We are required, upon reversing or modifying a judgment, to "take or direct such corrective action as is necessary and appropriate both to rectify any injustice to the appellant resulting from the error or defect which is the subject of the reversal or modification and to protect the rights of the respondent" (CPL 470.20; see People v Rodriguez, 18 NY3d 667, 670-671 [2012]). As noted, the majority dismisses count four of the indictment and grants leave to the People to, inter alia, file any appropriate charge. However, it is clear that the lesser included offense of reckless endangerment in the second degree is not an appropriate charge because defendant's double jeopardy rights would be violated if he were charged with that offense inasmuch as "the lesser offense . . . requires no proof beyond that which is required for conviction of the greater" (People v Biggs, 1 NY3d 225, 230 [2003] [internal quotation marks omitted]; see US Const 5th Amend; NY Const, art I, § 6; CPL 40.20). "At its core, double jeopardy precludes 'the government from prosecuting a [defendant] for the same offense after an acquittal [*3]or a conviction' " (People v Gause, 19 NY3d 390, 394 [2012], quoting Matter of Suarez v Byrne, 10 NY3d 523, 532 [2008], rearg denied 11 NY3d 753 [2008]).

I submit that, because CPL 470.20 provides that the "particular corrective action to be taken or directed is governed in part by the following rules," we may fashion corrective action that is not specified in CPL 470.20 that both rectifies the injustice to defendant and protects the rights of the People (see Rodriguez, 18 NY3d at 671).
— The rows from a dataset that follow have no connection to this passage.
Lemma factorization_z_le {x1 y1 z1} : x1 * a + y1 * b + z1 * c = m -> z1 <= z0.
Proof.
move=> hf; rewrite leqNgt; apply/negP => lt_z0z1.
have e : (z1 - z0) * c + (x1 * a + y1 * b) = x0 * a + y0 * b.
  have : z0 * c <= z1 * c by rewrite leq_mul2r ltnW ?orbT.
  by rewrite mulnBl; lia.
have := hmin x1 y1; rewrite -e modnMDl => /(_ erefl).
have : c <= (z1 - z0) * c by rewrite leq_pmull // subn_gt0.
lia.
Qed.

Lemma factorization_is_shift {x1 y1 z1} : x1 * a + y1 * b + z1 * c = m ->
  exists i j, [/\ i * delta + z1 = z0, x1 + j * w = x0 + i * l
                & y1 + i * y = y0 + j * h].
Proof.
move=> hf; have le_z := factorization_z_le hf.
have e_delta : (z0 - z1) * c = delta * (x1 * h + y1 * w - (x0 * h + y0 * w)).
  move: hf hm; rewrite ea eb mulnBr => hf hm'.
  have : z1 * c <= z0 * c by rewrite leq_mul2r le_z orbT.
  rewrite mulnBl; nia.
have /divnK ei : delta %| z0 - z1.
  by rewrite -(Gauss_dvdl _ cop_dc) e_delta dvdn_mulr.
set i := (z0 - z1) %/ delta in ei.
have e_i : x1 * h + (y1 + i * y) * w = (x0 + i * l) * h + y0 * w.
  have : x1 * h + y1 * w = x0 * h + y0 * w + i * c.
    apply/eqP; rewrite -(eqn_pmul2l delta_gt0); apply/eqP.
    move: e_delta; rewrite -ei; nia.
  have := congr1 (muln i) hc; nia.
have [j [ex ey]] := coprime_lin_sol w_gt0 cop_wh y0_lt_h e_i.
by exists i, j; split; lia.
Qed.

Lemma denumerant_lattice_count :
  denumerant a b c m =
  lattice_count (z0 %/ delta) (x0 + z0 %/ delta * l) l h w y x0 y0.
Proof.
set A := z0 %/ delta; set J := x0 + A * l.
have le_idelta (i : 'I_A.+1) : i * delta <= z0 by rewrite -leq_divRL // -ltnS.
pose Q (q : 'I_A.+1 * 'I_J.+1) :=
  (q.2 * w <= x0 + q.1 * l) && (q.1 * y <= y0 + q.2 * h).
pose shift (q : 'I_A.+1 * 'I_J.+1) : ('I_m.+1 * 'I_m.+1) * 'I_m.+1 :=
  (inord (x0 + q.1 * l - q.2 * w), inord (y0 + q.2 * h - q.1 * y),
   inord (z0 - q.1 * delta)).
have shift_fact q : Q q ->
  (x0 + q.1 * l - q.2 * w) * a + (y0 + q.2 * h - q.1 * y) * b
  + (z0 - q.1 * delta) * c = m.
  by case/andP=> le_jw le_iy; exact: factorization_shift.
have shiftE q : Q q -> [/\ (shift q).1.1 = x0 + q.1 * l - q.2 * w :> nat,
    (shift q).1.2 = y0 + q.2 * h - q.1 * y :> nat
  & (shift q).2 = z0 - q.1 * delta :> nat].
  by move=> Qq; have [? ? ?] := factorization_bound (shift_fact q Qq); rewrite !inordK.
rewrite /denumerant /lattice_count pair_bigA pair_bigA /= pair_bigA /=.
apply: (@sum_pred_bij _ _ _ Q shift) => [q1 q2 Q1 Q2 e| q Qq|].
- have [ex1 _ ez1] := shiftE q1 Q1; have [ex2 _ ez2] := shiftE q2 Q2.
  move: q1 q2 e Q1 Q2 ex1 ez1 ex2 ez2 => [i1 j1] [i2 j2] -> /andP[/= le1 _] /andP[/= le2 _].
  move=> -> -> /=; move: (le_idelta i1) (le_idelta i2) => le_i1 le_i2 ex ez.
  have ei : i1 * delta = i2 * delta by lia.
  move/eqP: ei; rewrite eqn_pmul2r // => /eqP/val_inj ei; subst i2.
  have ej : j1 * w = j2 * w by lia.
  by move/eqP: ej; rewrite eqn_pmul2r // => /eqP/val_inj ->.
- by have [-> -> ->] := shiftE q Qq; apply/eqP/shift_fact.
move=> [[x1 y1] z1] /eqP /= hf.
have [i [j [ez ex ey]]] := factorization_is_shift hf.
have lt_iA : i < A.+1 by rewrite ltnS leq_divRL //; lia.
have lt_jJ : j < J.+1.
  have : i * l <= A * l by rewrite leq_mul2r -ltnS lt_iA orbT.
  have : j <= j * w by rewrite leq_pmulr.
  lia.
have Qij : Q (Ordinal lt_iA, Ordinal lt_jJ) by apply/andP; split=> /=; lia.
exists (Ordinal lt_iA, Ordinal lt_jJ) => //.
have [/= e1 e2 e3] := shiftE _ Qij.
by congr (_, _, _); apply: val_inj; rewrite /= ?e1 ?e2 ?e3; lia.
Qed.

End Theta0Factorizations.

Section LatticeCount.

Context {A J l h w y x0 y0 : nat}.
Hypotheses (w_gt0 : 0 < w) (le_wl : w <= l) (le_J : x0 + A * l <= J).

Lemma sum_lattice_columns :
  \sum_(i < A.+1) \sum_(j < J.+1) (j * w <= x0 + i * l : nat)
  = \sum_(i < A.+1) ((x0 + i * l) %/ w).+1.
Proof.
apply: eq_bigr => i _; rewrite sum_ord_mul_leq //.
have : i * l <= A * l by rewrite leq_mul2r -ltnS ltn_ord orbT.
have := leq_div (x0 + i * l) w; lia.
Qed.

Lemma lattice_count_y0 :
  lattice_count A J l h w 0 x0 y0 = \sum_(i < A.+1) ((x0 + i * l) %/ w).+1.
Proof.
rewrite -sum_lattice_columns; apply: eq_bigr => i _; apply: eq_bigr => j _.
by rewrite muln0 andbT.
Qed.

(* A pair (i, j) with j w <= x0 + i l fails i y <= y0 + j h exactly when
   (y0 + j h) / y < i, and then j < i forces j w <= x0 + i l. *)
Lemma lattice_count_add_excess : 0 < y -> y <= h ->
  lattice_count A J l h w y x0 y0 + \sum_(j < J.+1) (A - (y0 + j * h) %/ y)
  = \sum_(i < A.+1) ((x0 + i * l) %/ w).+1.
Proof.
move=> y_gt0 le_yh; rewrite -sum_lattice_columns.
have -> : \sum_(j < J.+1) (A - (y0 + j * h) %/ y)
    = \sum_(i < A.+1) \sum_(j < J.+1) (y0 + j * h < i * y : nat).
  rewrite exchange_big /=; apply: eq_bigr => j _.
  under eq_bigr => i _ do rewrite -ltn_divLR //.
  by rewrite sum_ord_gtn; lia.
rewrite -big_split /=; apply: eq_bigr => i _; rewrite -big_split /=.
apply: eq_bigr => j _; case: leqP => [_|lt_iy]; first by rewrite andbT addn0.
have lt_ji : j < i.
  rewrite -(ltn_pmul2r (leq_trans y_gt0 le_yh)).
  have : i * y <= i * h by rewrite leq_mul2l le_yh orbT.
  lia.
suff -> : j * w <= x0 + i * l by [].
by apply: leq_trans (leq_addl _ _); apply: leq_mul; lia.
Qed.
I note that in People v Pallagi (91 AD3d 1266, 1267-1268 [2012]), defendant contended both that there was a trial error that deprived her of a fair trial and legally insufficient evidence to support the conviction, and we therefore dismissed the sole count of the indictment, charging defendant with grand larceny in the fourth degree (Penal Law § 155.30 [1]), with leave to file any appropriate charge. As I noted in my dissent (Pallagi, 91 AD3d at 1271-1272), the corrective actions with respect to that count were in conflict, i.e., the trial error required that a new trial be granted (see CPL 470.20 [1]), and the insufficient evidence permitted reduction of the count to a lesser included offense (see CPL 470.15 [2] [a]) or required dismissal of the count (see CPL 470.20 [2]). Here, however, defendant is convicted of not one count, but of four counts. Notably, defendant recognizes that the permissible corrective actions are in conflict and thus contends that he should be granted a new trial on counts one, two and three, and that count four should be dismissed or reduced to the lesser included offense (see CPL 470.20).

I would therefore modify the judgment by reducing the conviction under count four to the lesser included offense of reckless endangerment in the second degree (see CPL 470.15 [2] [a]; see e.g. People v Brink, 78 AD3d 1483, 1483 [2010], lv denied 16 NY3d 742 [2012], reconsideration denied 16 NY3d 828 [2011]), and I would remit the matter to Supreme Court for resentencing on that count (see CPL 470.20 [4]). I otherwise agree with the majority that the judgment insofar as it convicted defendant of counts one, two and three should be reversed and that a new trial should be granted on those counts. In my view, that corrective action serves both statutory mandates, i.e., to rectify the respective injustices to defendant and to protect the rights of the People. Present—Scudder, P.J., Centra, Carni, Sconiers and Martoche, JJ.